Mel Gibson is seen staring from the battlements at Ophelia (Helena Bonham Carter),
during Polonius’ speech to Laertes, but it’s not clear why. When they come into dramatic
contact, there’s no sexual feeling at all, just remonstration and hysteria on his part, and
bewilderment on hers – which seems right. Zeffirelli is, so far as I know, the only one of the
directors who’s completely gay (Tony Richardson was bisexual), so he’s not sentimental
about women, or nostalgic over what might have been. Part of the Nunnery scene is here done
just before the Play; it increases Hamlet’s tension, and Ophelia’s unease at his mental
unbalance. After the play has finished, he says “To a nunnery, go!” kisses her violently, then
adds a casual “Farewell!” and disappears. By this time it’s clear that they’re both suffering
from mental unbalance.
Zeffirelli’s is a very intelligent, subtle analysis, and is the best version, in this as in other
respects.
Branagh has Kate Winslett as Ophelia, and they have several nude scenes together –
perhaps to sell the movie to America. It convinces even less than the relationship in Tony
Richardson’s version.
Ethan Hawke seems to have been the boyfriend of his Ophelia (Julia Stiles), at some time
in the past; but, with greater loyalty to the text, his father’s death and reappearance is shown
as having knocked all the stuffing out of him: so that when, unbuttoning her shirt during the
Nunnery scene, he finds that she’s wired, his bitterness is everything it should be.

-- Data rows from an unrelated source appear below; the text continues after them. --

(* Let $X,Y$ be infinite dimensional Banach lattices which are relatively $s$-decomposable for some $1\le s\le\infty$, and suppose $\ell_q$ is finitely lattice representable in $X_L$, where $1/q+1/s\le1$. Then for every $p\ge1$ with $1/p\ge1/q+1/s$, $Y$ satisfies an upper $p$-estimate and $M^{[p]}(Y)\le D_s(X,Y)$.
   Context: Banach lattices are real; disjoint means $|x|\wedge|y|=0$. $X,Y$ are relatively $s$-decomposable if there is $D$ with $\|\sum_{i=1}^n y_i\|_Y\le D(\sum_i(\|y_i\|_Y/\|x_i\|_X)^s)^{1/s}\|\sum_{i=1}^n x_i\|_X$ for all $n$ and all pairwise disjoint nonzero $x_i\in X$, pairwise disjoint nonzero $y_i\in Y$; $D_s(X,Y)$ is the infimum of such $D$. Upper $p$-estimate: $\|\sum y_i\|\le M(\sum\|y_i\|^p)^{1/p}$ for all finite families of pairwise disjoint elements; $M^{[p]}(Y)$ is the infimum of such $M$. $\ell_q$ is finitely lattice representable in a Banach lattice $Z$ if for every $n$ and $\varepsilon>0$ there are pairwise disjoint $z_1,\dots,z_n\in Z$ with $\|a\|_{\ell_q^n}\le\|\sum a_iz_i\|_Z\le(1+\varepsilon)\|a\|_{\ell_q^n}$ for all $a\in\mathbb R^n$. $\mathfrak B_n(X)$ is the set of $n$-tuples of pairwise disjoint norm-one elements of $X$; $\Phi_n(a):=\inf\{\|\sum_{i=1}^n a_ix_i\|_X:(x_i)\in\mathfrak B_n(X)\}$, $\|a\|_{X_L(n)}:=\inf\{\sum_{k\in F}\Phi_n(a^k): F\text{ finite}, a=\sum_{k\in F}a^k, a^k\in\mathbb R^n\}$, and $X_L$ is the Banach lattice (coordinate-wise order) of real sequences with $\|a\|_{X_L}:=\sup_n\|(a_i)_{i=1}^n\|_{X_L(n)}<\infty$. *)

From HB Require Import structures.
From mathcomp Require Import all_boot all_order all_algebra.
From mathcomp Require Import all_classical all_reals all_analysis.
Set Implicit Arguments. Unset Strict Implicit. Unset Printing Implicit Defensive.
Import Order.TTheory GRing.Theory Num.Theory numFieldNormedType.Exports.
Local Open Scope classical_set_scope.
Local Open Scope ring_scope.

Definition labs (R : realType) (V : completeNormedModType R)
  (join : V -> V -> V) (x : V) : V := join x (- x).

Definition lmeet (R : realType) (V : completeNormedModType R)
  (join : V -> V -> V) (x y : V) : V := - join (- x) (- y).

Definition is_banach_lattice (R : realType) (V : completeNormedModType R)
  (le : V -> V -> Prop) (join : V -> V -> V) : Prop :=
  (forall x, le x x) /\
  (forall x y, le x y -> le y x -> x = y) /\
  (forall x y z, le x y -> le y z -> le x z) /\
  (forall x y z, le x y -> le (x + z) (y + z)) /\
  (forall x y (a : R), le x y -> 0 <= a -> le (a *: x) (a *: y)) /\
  (forall x y, le x (join x y) /\ le y (join x y)) /\
  (forall x y z, le x z -> le y z -> le (join x y) z) /\
  (forall x y, le (labs join x) (labs join y) -> `|x| <= `|y|).

Record banachLattice (R : realType) := BanachLattice {
  bl_car :> completeNormedModType R;
  bl_le : bl_car -> bl_car -> Prop;
  bl_join : bl_car -> bl_car -> bl_car;
  bl_ax : is_banach_lattice bl_le bl_join }.

Definition ldisjoint (R : realType) (X : banachLattice R) (x y : X) : Prop :=
  lmeet (@bl_join R X) (labs (@bl_join R X) x) (labs (@bl_join R X) y) = 0.

Definition pairwise_disjoint (R : realType) (X : banachLattice R) (n : nat)
  (x : 'I_n -> X) : Prop :=
  forall i j : 'I_n, i != j -> ldisjoint (x i) (x j).

Definition infinite_dim (R : realType) (X : banachLattice R) : Prop :=
  forall n : nat, exists v : 'I_n -> X,
    forall a : 'I_n -> R, \sum_(i < n) a i *: v i = 0 -> forall i, a i = 0.

Definition lnorm (R : realType) (q : \bar R) (n : nat) (a : 'I_n -> R) : R :=
  match q with
  | r%:E => (\sum_(i < n) `|a i| `^ r) `^ r^-1
  | _ => \big[Num.max/0]_(i < n) `|a i|
  end.

Definition recip (R : realType) (q : \bar R) : R :=
  match q with
  | r%:E => r^-1
  | _ => 0
  end.

Definition rel_decomp_const (R : realType) (X Y : banachLattice R)
  (s : \bar R) (D : R) : Prop :=
  forall (n : nat) (x : 'I_n -> X) (y : 'I_n -> Y),
    (forall i, x i != 0) -> (forall i, y i != 0) ->
    pairwise_disjoint x -> pairwise_disjoint y ->
    `|\sum_(i < n) y i| <= D * lnorm s (fun i => `|y i| / `|x i|) * `|\sum_(i < n) x i|.

Definition rel_decomposable (R : realType) (X Y : banachLattice R)
  (s : \bar R) : Prop := exists D : R, rel_decomp_const X Y s D.

Definition Ds (R : realType) (X Y : banachLattice R) (s : \bar R) : R :=
  inf [set D : R | rel_decomp_const X Y s D].

Definition upper_est_const (R : realType) (Y : banachLattice R)
  (p : \bar R) (M : R) : Prop :=
  forall (n : nat) (y : 'I_n -> Y), pairwise_disjoint y ->
    `|\sum_(i < n) y i| <= M * lnorm p (fun i => `|y i|).

Definition upper_estimate (R : realType) (Y : banachLattice R) (p : \bar R) : Prop :=
  exists M : R, upper_est_const Y p M.

Definition Mp (R : realType) (Y : banachLattice R) (p : \bar R) : R :=
  inf [set M : R | upper_est_const Y p M].

Definition Bn (R : realType) (X : banachLattice R) (n : nat) : set ('I_n -> X) :=
  [set x | (forall i, `|x i| = 1) /\ pairwise_disjoint x].

Definition Phi (R : realType) (X : banachLattice R) (n : nat) (a : 'I_n -> R) : R :=
  inf [set `|\sum_(i < n) a i *: x i| | x in @Bn R X n].

Definition XLn (R : realType) (X : banachLattice R) (n : nat) (a : 'I_n -> R) : R :=
  inf [set \sum_(b <- F) Phi X b |
        F in [set F : seq ('I_n -> R) | forall i, \sum_(b <- F) b i = a i]].

Definition XLnorm (R : realType) (X : banachLattice R) (a : nat -> R) : \bar R :=
  ereal_sup [set (XLn X (fun i : 'I_n => a (nat_of_ord i)))%:E | n in [set: nat]].

Definition inXL (R : realType) (X : banachLattice R) (a : nat -> R) : Prop :=
  (XLnorm X a < +oo)%E.

(* l_q finitely lattice representable in X_L (coordinatewise order, so
   |z|/\|w| = 0 means min(|z k|,|w k|) = 0 for every k) *)
Definition flr_in_XL (R : realType) (X : banachLattice R) (q : \bar R) : Prop :=
  forall (n : nat) (eps : R), 0 < eps ->
    exists z : 'I_n -> (nat -> R),
      [/\ (forall i, inXL X (z i)),
          (forall i j, i != j -> forall k, Num.min `|z i k| `|z j k| = 0) &
          (forall a : 'I_n -> R,
             let za := (fun k => \sum_(i < n) a i * z i k) in
             ((lnorm q a)%:E <= XLnorm X za)%E /\
             (XLnorm X za <= ((1 + eps) * lnorm q a)%:E)%E)].

(* Fix disjoint y_1, ..., y_n in Y and weights c_i > 0.  Finite lattice representability gives
   disjoint blocks z_i in X_L spanning an almost isometric copy of l_q^n; cutting them off at a
   common length and approximating the infima defining the X_L-norm turns them into finitely
   many disjoint families x^b in X with sum_b |x^b_i| >= (1 - e) c_i for each i and
   sum_b |sum_i x^b_i| <= (1 + e) |c|_q + e.  Splitting each y_i into the convex combination of
   pieces proportional to |x^b_i| and applying relative decomposability to each family gives
   |sum_i y_i| <= D |(|y_i| / c_i)_i|_s |c|_q.  With 1/rho = 1/q + 1/s, the choice
   c_i = |y_i|^(rho/q) turns the right-hand side into D |(|y_i|)_i|_rho <= D |(|y_i|)_i|_p.
   Hence every relative decomposition constant D is an upper p-estimate constant. *)

From mathcomp Require Import all_boot all_order all_algebra.
From mathcomp Require Import all_classical all_reals all_analysis.
From mathcomp Require Import ring lra.
Import Order.TTheory GRing.Theory Num.Theory.
Set Implicit Arguments. Unset Strict Implicit. Unset Printing Implicit Defensive.
Local Open Scope classical_set_scope.
Local Open Scope ring_scope.

Section BanachLatticeTheory.
Variables (R : realType) (X : banachLattice R).
Local Notation le := (@bl_le R X).
Local Notation join := (@bl_join R X).
Local Notation lab := (labs join).
Local Notation meet := (lmeet join).
Implicit Types x y z w : X.

Let ax := @bl_ax R X.

Lemma bl_lexx x : le x x. Proof. by case: ax => h _; apply: h. Qed.
Lemma bl_le_anti x y : le x y -> le y x -> x = y.
Proof. by case: ax => _ [h _]; apply: h. Qed.
Lemma bl_le_trans x y z : le x y -> le y z -> le x z.
Proof. by case: ax => _ [] _ [h _]; apply: h. Qed.
Lemma bl_leDr x y z : le x y -> le (x + z) (y + z).
Proof. by case: ax => _ [] _ [] _ [h _]; apply: h. Qed.
Lemma bl_leZ x y (a : R) : le x y -> 0 <= a -> le (a *: x) (a *: y).
Proof. by case: ax => _ [] _ [] _ [] _ [h _]; apply: h. Qed.
Lemma bl_join_ubl x y : le x (join x y).
Proof. by case: ax => _ [] _ [] _ [] _ [] _ [h _]; case: (h x y). Qed.
Lemma bl_join_ubr x y : le y (join x y).
Proof. by case: ax => _ [] _ [] _ [] _ [] _ [h _]; case: (h x y). Qed.
Lemma bl_join_lub x y z : le x z -> le y z -> le (join x y) z.
Proof. by case: ax => _ [] _ [] _ [] _ [] _ [] _ [h _]; apply: h. Qed.
Lemma bl_norm_le x y : le (lab x) (lab y) -> `|x| <= `|y|.
Proof. by case: ax => _ [] _ [] _ [] _ [] _ [] _ [] _ h; apply: h. Qed.

Lemma bl_leDl x y z : le x y -> le (z + x) (z + y).
Proof. by rewrite ![z + _]addrC; apply: bl_leDr. Qed.

Lemma bl_leD x y z w : le x y -> le z w -> le (x + z) (y + w).
Proof. by move=> h1 h2; apply: bl_le_trans (bl_leDr _ h1) (bl_leDl _ h2). Qed.

Lemma bl_leN x y : le x y -> le (- y) (- x).
Proof. by move=> /(bl_leDr (- x - y)); rewrite addrA subrr add0r addrCA subrr addr0. Qed.

Lemma bl_leNN x y : le (- y) (- x) -> le x y.
Proof. by move/bl_leN; rewrite !opprK. Qed.

Lemma bl_le_subr x y : le 0 y -> le (x - y) x.
Proof. by move/bl_leN/(bl_leDl x); rewrite oppr0 addr0. Qed.

Lemma bl_joinC x y : join x y = join y x.
Proof.
by apply: bl_le_anti; apply: bl_join_lub; first [exact: bl_join_ubr | exact: bl_join_ubl].
Qed.

Lemma bl_joinDl x y z : join (z + x) (z + y) = z + join x y.
Proof.
apply: bl_le_anti.
  by apply: bl_join_lub; apply: bl_leDl; [apply: bl_join_ubl | apply: bl_join_ubr].
have h : le (join x y) (- z + join (z + x) (z + y)).
  apply: bl_join_lub.
  - by have := bl_leDl (- z) (bl_join_ubl (z + x) (z + y)); rewrite addKr.
  - by have := bl_leDl (- z) (bl_join_ubr (z + x) (z + y)); rewrite addKr.
by have := bl_leDl z h; rewrite addNKr.
Qed.

Lemma bl_joinZ (t : R) x y : 0 <= t -> join (t *: x) (t *: y) = t *: join x y.
Proof.
rewrite le_eqVlt => /predU1P[<-|t0].
  rewrite !scale0r; apply: bl_le_anti; last exact: bl_join_ubl.
  by apply: bl_join_lub; apply: bl_lexx.
apply: bl_le_anti.
  by apply: bl_join_lub; apply: bl_leZ (ltW t0); [apply: bl_join_ubl | apply: bl_join_ubr].
have ti0 : 0 <= t^-1 by rewrite invr_ge0 ltW.
have h : le (join x y) (t^-1 *: join (t *: x) (t *: y)).
  apply: bl_join_lub.
  - by rewrite -{1}[x](scalerK (lt0r_neq0 t0)); apply: bl_leZ ti0; apply: bl_join_ubl.
  - by rewrite -{1}[y](scalerK (lt0r_neq0 t0)); apply: bl_leZ ti0; apply: bl_join_ubr.
by have := bl_leZ h (ltW t0); rewrite scalerKV ?lt0r_neq0.
Qed.

Lemma bl_meet_lbl x y : le (meet x y) x.
Proof. by apply: bl_leNN; rewrite /lmeet opprK; apply: bl_join_ubl. Qed.
Lemma bl_meet_lbr x y : le (meet x y) y.
Proof. by apply: bl_leNN; rewrite /lmeet opprK; apply: bl_join_ubr. Qed.
Lemma bl_meet_glb x y z : le z x -> le z y -> le z (meet x y).
Proof.
by move=> h1 h2; apply: bl_leNN; rewrite /lmeet opprK; apply: bl_join_lub; apply: bl_leN.
Qed.

Lemma bl_meetC x y : meet x y = meet y x. Proof. by rewrite /lmeet bl_joinC. Qed.

Lemma bl_meet_idl x y : le x y -> meet x y = x.
Proof.
by move=> h; apply: bl_le_anti; [apply: bl_meet_lbl | apply: bl_meet_glb => //; apply: bl_lexx].
Qed.

Lemma bl_meet_lel x y z : le y z -> le (meet y x) (meet z x).
Proof.
by move=> h; apply: bl_meet_glb; [apply: bl_le_trans h; apply: bl_meet_lbl | apply: bl_meet_lbr].
Qed.
Lemma bl_meet_ler x y z : le y z -> le (meet x y) (meet x z).
Proof. by move=> h; rewrite ![meet x _]bl_meetC; apply: bl_meet_lel. Qed.

Lemma bl_meetZ (t : R) x y : 0 <= t -> meet (t *: x) (t *: y) = t *: meet x y.
Proof. by move=> t0; rewrite /lmeet -!scalerN bl_joinZ // scalerN. Qed.

Lemma bl_meet_subadd x y z : le 0 x -> le 0 y -> le 0 z ->
  le (meet x (y + z)) (meet x y + meet x z).
Proof.
move=> x0 y0 z0; set w := meet x (y + z).
suff h : le (w - meet x y) (meet x z) by have := bl_leDl (meet x y) h; rewrite addrCA subrr addr0.
apply: bl_meet_glb.
- by apply: bl_le_trans (bl_meet_lbl x (y + z)); apply: bl_le_subr; apply: bl_meet_glb.
- rewrite /lmeet opprK -bl_joinDl; apply: bl_join_lub.
  + by have := bl_leDr (- x) (bl_meet_lbl x (y + z)); rewrite subrr => /bl_le_trans; apply.
  + by have := bl_leDr (- y) (bl_meet_lbr x (y + z)); rewrite addrAC subrr add0r.
Qed.

Lemma labs_ge0 x : le 0 (lab x).
Proof.
have h : le (x - x) (lab x + lab x) by apply: bl_leD; [apply: bl_join_ubl | apply: bl_join_ubr].
have half0 : 0 <= 2^-1 :> R by rewrite invr_ge0.
have half : (2^-1 + 2^-1 : R) = 1 by lra.
by have := bl_leZ h half0; rewrite subrr scaler0 scalerDr -scalerDl half scale1r.
Qed.

Lemma bl_le_labs x : le x (lab x). Proof. exact: bl_join_ubl. Qed.
Lemma bl_leN_labs x : le (- x) (lab x). Proof. exact: bl_join_ubr. Qed.

Lemma labsN x : lab (- x) = lab x. Proof. by rewrite /labs opprK bl_joinC. Qed.

Lemma labs_triangle x y : le (lab (x + y)) (lab x + lab y).
Proof.
apply: bl_join_lub; first by apply: bl_leD; apply: bl_join_ubl.
by rewrite opprD; apply: bl_leD; apply: bl_join_ubr.
Qed.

Julia Stiles
plays Ophelia very well as a dumb inadequate, which makes sense of her submissiveness and
willingness to be used. Ophelia is the reverse of the self-assertive, but just as self-destructive,
Juliet.
The verdict, then: buy Olivier, Kozintsev, and Zeffirelli: Kozintsev’s is the best film,
Zeffirelli has the best Hamlet.
4: This idea is pinched from the opening of Hitchcock’s Rebecca.